When overloading operators, you almost always have the choice of defining an operator as a member or as a freestanding function. There are only 4 operators that have to be members. These are:
(),[],->, and=(as to why, see this question of mine). For the rest, the choice is yours.This excellent FAQ entry explains (among other things) how to choose between member vs. nonmember.
To answer your core question: In case of member function, the first agument is
*this你为什么这么说?那不是真的。
对于示例中的
struct,重载运算符函数不是成员。这就是为什么它需要 2 个参数。因此,这种差异与结构与类的问题完全无关。这些运算符中参数数量不同的原因是第一个运算符作为非成员实现(因此具有两个显式参数),而第二个运算符作为成员实现(因此只有一个显式参数)。
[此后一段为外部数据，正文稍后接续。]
(* Let $k\geq2$, $n>2\ell'_k$ and $p\in\{0,1,2\}^{[\![1,n]\!]^2}$. Let $\tau'_k=(\ell'_k,\ell'_k)$. Then $J^A(p,\ell'_k)\cap J^B(p,\ell'_k)=\varnothing$ and $$\tau'_k+I(p,\ell'_k)\subseteq J^A(p,\ell'_k)\sqcup J^B(p,\ell'_k).$$
   Context: Alphabet $\widetilde{\mathcal{A}}=\{0,1,2\}$. Let $(N_k)_{k\geq1}$ be integers with $N_k\geq4$, $\ell_0=2$, $\ell_k=N_k\ell_{k-1}$; let $N'_k\geq2$ be integers dividing $N_k$ with $N_k/N'_k\geq2$, and $\ell'_k=N'_k\ell_{k-1}$. Words: $a_0=01$, $b_0=02$; for odd $k\geq1$, $a_k=(a_{k-1})^{N_k}$ and $b_k=b_{k-1}2^{(N_k-2)\ell_{k-1}}b_{k-1}$; for even $k\geq2$, $a_k=a_{k-1}1^{(N_k-2)\ell_{k-1}}a_{k-1}$ and $b_k=(b_{k-1})^{N_k}$. $\widetilde L_k=\{a_k,1^{\ell_k},b_k,2^{\ell_k}\}$. For odd $k$: $\widetilde A'_k=\{(a_{k-1})^{N'_k},1^{\ell'_k}\}$, $\widetilde B'_k=\{b_{k-1}2^{(N'_k-1)\ell_{k-1}},\,2^{(N'_k-1)\ell_{k-1}}b_{k-1},\,2^{\ell'_k}\}$; for even $k$: $\widetilde A'_k=\{a_{k-1}1^{(N'_k-1)\ell_{k-1}},\,1^{(N'_k-1)\ell_{k-1}}a_{k-1},\,1^{\ell'_k}\}$, $\widetilde B'_k=\{(b_{k-1})^{N'_k},2^{\ell'_k}\}$. For a dictionary $L$ of words of length $\ell$, $\langle L\rangle=\{x\in\widetilde{\mathcal{A}}^{\mathbb{Z}}:\exists u\in[\![1,\ell]\!],\forall v\in\mathbb{Z},(\sigma^{u+\ell v}x)|_{[\![1,\ell]\!]}\in L\}$. $\widetilde X=\bigcap_{k\geq0}\langle\widetilde L_k\rangle$ and $\widetilde{\widetilde X}=\{x\in\widetilde{\mathcal{A}}^{\mathbb{Z}^2}:\exists\widetilde x\in\widetilde X,\ x(i,j)=\widetilde x(i)\ \forall(i,j)\}$ is its vertically aligned version; $\mathcal{L}(\widetilde{\widetilde X},m)$ denotes its patterns on $[\![1,m]\!]^2$. $\widetilde{\widetilde A}'_k$ (resp. $\widetilde{\widetilde B}'_k$) is the set of patterns $q\in\widetilde{\mathcal{A}}^{[\![1,\ell'_k]\!]^2}$ with $q(i,j)=\widetilde q(i)$ for some $\widetilde q\in\widetilde A'_k$ (resp. $\widetilde B'_k$). For $u\in\mathbb{Z}^2$, $\sigma^u(p)(v)=p(u+v)$. Define $I(p,\ell'_k)=\{u\in[\![0,n-2\ell'_k]\!]^2:(\sigma^u p)|_{[\![1,2\ell'_k]\!]^2}\in\mathcal{L}(\widetilde{\widetilde X},2\ell'_k)\}$, $I^A(p,\ell'_k)=\{u\in[\![0,n-\ell'_k]\!]^2:(\sigma^up)|_{[\![1,\ell'_k]\!]^2}\in\widetilde{\widetilde A}'_k\}$, $J^A(p,\ell'_k)=\bigcup_{u\in I^A(p,\ell'_k)}(u+[\![1,\ell'_k]\!]^2)$, and $I^B,J^B$ analogously with $\widetilde{\widetilde B}'_k$. *)

From Stdlib Require Import ZArith.
From mathcomp Require Import all_boot.
Set Implicit Arguments. Unset Strict Implicit. Unset Printing Implicit Defensive.

(* Letters of the alphabet {0,1,2} are represented by nat; words by seq nat. *)

Fixpoint ell (N : nat -> nat) (k : nat) : nat :=
  match k with 0 => 2 | k'.+1 => N k'.+1 * ell N k' end.

Definition ellp (N N' : nat -> nat) (k : nat) : nat := N' k * ell N k.-1.

Fixpoint words (N : nat -> nat) (k : nat) : seq nat * seq nat :=
  match k with
  | 0 => ([:: 0; 1], [:: 0; 2])
  | k'.+1 =>
      let a := (words N k').1 in
      let b := (words N k').2 in
      let m := N k'.+1 in
      let l := ell N k' in
      if odd k'.+1
      then (flatten (nseq m a), b ++ nseq ((m - 2) * l) 2 ++ b)
      else (a ++ nseq ((m - 2) * l) 1 ++ a, flatten (nseq m b))
  end.

Definition aw N k := (words N k).1.
Definition bw N k := (words N k).2.

Definition dictL (N : nat -> nat) (k : nat) : seq (seq nat) :=
  [:: aw N k; nseq (ell N k) 1; bw N k; nseq (ell N k) 2].

Definition in_dict (L : seq (seq nat)) (l : nat) (x : Z -> nat) : Prop :=
  exists u : nat, 1 <= u <= l /\
    forall v : Z,
      [seq x (Z.of_nat u + Z.of_nat l * v + Z.of_nat i + 1)%Z | i <- iota 0 l] \in L.

Definition Xt (N : nat -> nat) (x : Z -> nat) : Prop :=
  forall k, in_dict (dictL N k) (ell N k) x.

(* q (a pattern on [1,m]^2, given as a function only relevant on the box)
   belongs to L(\widetilde{\widetilde X}, m): it is the restriction to [1,m]^2
   of a vertically aligned configuration x(i,j) = xt(i), xt \in \widetilde X. *)
Definition LXX (N : nat -> nat) (m : nat) (q : nat -> nat -> nat) : Prop :=
  exists xt : Z -> nat, Xt N xt /\
    forall i j, 1 <= i <= m -> 1 <= j <= m -> q i j = xt (Z.of_nat i).

Definition Ap (N N' : nat -> nat) (k : nat) : seq (seq nat) :=
  let a := aw N k.-1 in
  let l := ell N k.-1 in
  if odd k then [:: flatten (nseq (N' k) a); nseq (ellp N N' k) 1]
  else [:: a ++ nseq ((N' k - 1) * l) 1; nseq ((N' k - 1) * l) 1 ++ a;
           nseq (ellp N N' k) 1].

Definition Bp (N N' : nat -> nat) (k : nat) : seq (seq nat) :=
  let b := bw N k.-1 in
  let l := ell N k.-1 in
  if odd k then [:: b ++ nseq ((N' k - 1) * l) 2; nseq ((N' k - 1) * l) 2 ++ b;
                   nseq (ellp N N' k) 2]
  else [:: flatten (nseq (N' k) b); nseq (ellp N N' k) 2].

Definition inI (N N' : nat -> nat) (k n : nat) (p : nat -> nat -> nat) (u1 u2 : nat) : Prop :=
  u1 <= n - 2 * ellp N N' k /\ u2 <= n - 2 * ellp N N' k /\
  LXX N (2 * ellp N N' k) (fun i j => p (u1 + i) (u2 + j)).

Definition inIW (W : seq (seq nat)) (l n : nat) (p : nat -> nat -> nat) (u1 u2 : nat) : Prop :=
  u1 <= n - l /\ u2 <= n - l /\
  exists w, w \in W /\
    forall i j, 1 <= i <= l -> 1 <= j <= l -> p (u1 + i) (u2 + j) = nth 0 w (i - 1).

Definition inJW (W : seq (seq nat)) (l n : nat) (p : nat -> nat -> nat) (w1 w2 : nat) : Prop :=
  exists u1 u2, inIW W l n p u1 u2 /\ u1 < w1 <= u1 + l /\ u2 < w2 <= u2 + l.

From Stdlib Require Import ZArith.
From mathcomp Require Import all_boot zify.
Set Implicit Arguments. Unset Strict Implicit. Unset Printing Implicit Defensive.

(* Every word of A'_k ends with 1 and avoids the letter 2, and every word of
   B'_k ends with 2 and avoids 1. So an A'-square and a B'-square cannot
   overlap: the last column of the one further left lies in the other one and
   would carry both letters.
   For the covering, the 2l'_k-square at u in I(p, l'_k) is a vertically
   aligned piece of a point of <L_k>. Each word of L_k is a concatenation of
   N_k blocks of length l_(k-1), and any N'_k consecutive blocks of it form a
   word of A'_k or B'_k; one of these windows of length l'_k contains the
   central column l'_k of the square, hence lies inside the square. *)

(* [w] avoids [d] and is empty or ends with [c]; admitting the empty word makes
   the property stable under concatenation. *)
Definition ends_avoiding (c d : nat) (w : seq nat) : bool :=
  (last c w == c) && (d \notin w).

Section EndsAvoiding.
Variables c d : nat.

Lemma ends_avoiding_cat u v :
  ends_avoiding c d u -> ends_avoiding c d v -> ends_avoiding c d (u ++ v).
Proof.
case/andP=> /eqP lu du /andP[lv dv].
by rewrite /ends_avoiding last_cat lu lv mem_cat negb_or du.
Qed.

Lemma ends_avoiding_flatten_nseq m a :
  ends_avoiding c d a -> ends_avoiding c d (flatten (nseq m a)).
Proof.
move=> ha; elim: m => [|m IH] /=; first by rewrite /ends_avoiding /= eqxx.
exact: ends_avoiding_cat.
Qed.

Lemma ends_avoiding_nseq n : c != d -> ends_avoiding c d (nseq n c).
Proof.
move=> cd; rewrite /ends_avoiding mem_nseq negb_and [d == c]eq_sym cd orbT andbT.
by elim: n => //= n /eqP IH; case: n IH => //= n ->.
Qed.

Lemma nth_last_ends_avoiding w :
  0 < size w -> ends_avoiding c d w -> nth 0 w (size w).-1 = c.
Proof. by rewrite nth_last; case: w => // x w _ /andP[/eqP]. Qed.

Lemma nth_ends_avoiding w i : d != 0 -> ends_avoiding c d w -> nth 0 w i != d.
Proof.
move=> d0 /andP[_ dw]; case: (ltnP i (size w)) => hi.
  by apply/eqP=> hd; move: dw; rewrite -hd mem_nth.
by rewrite nth_default // eq_sym.
Qed.

End EndsAvoiding.

Lemma size_flatten_nseq (T : Type) m (a : seq T) :
  size (flatten (nseq m a)) = m * size a.
Proof. by elim: m => //= m IH; rewrite size_cat IH mulSn. Qed.

Lemma take_drop_nseq (T : Type) (c : T) i j n :
  i + j <= n -> take i (drop j (nseq n c)) = nseq i c.
Proof. by move=> h; rewrite drop_nseq take_nseq //; lia. Qed.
What makes you say that? That's not true.
In case of
structin your example, overloaded operator function is not a member. This is why it requires 2 parameters.So, the difference has absolutely nothing to do with struct vs. class matter. The reason you have different number of parameters in these operators is that the first one is implemented as a non-member (and therefore has two explicit parameters), while the second one is implemented as member (and therefore has only one explicit parameter).
发生这种情况是因为您使用不同的方法来定义运算符。当您使用结构时,您在结构之外定义它,但是当使用类时,您在类内部定义运算符。
This happens because you using different methods to define operator. When you use struct you define it outside of struct, but when use class you define operator inside class.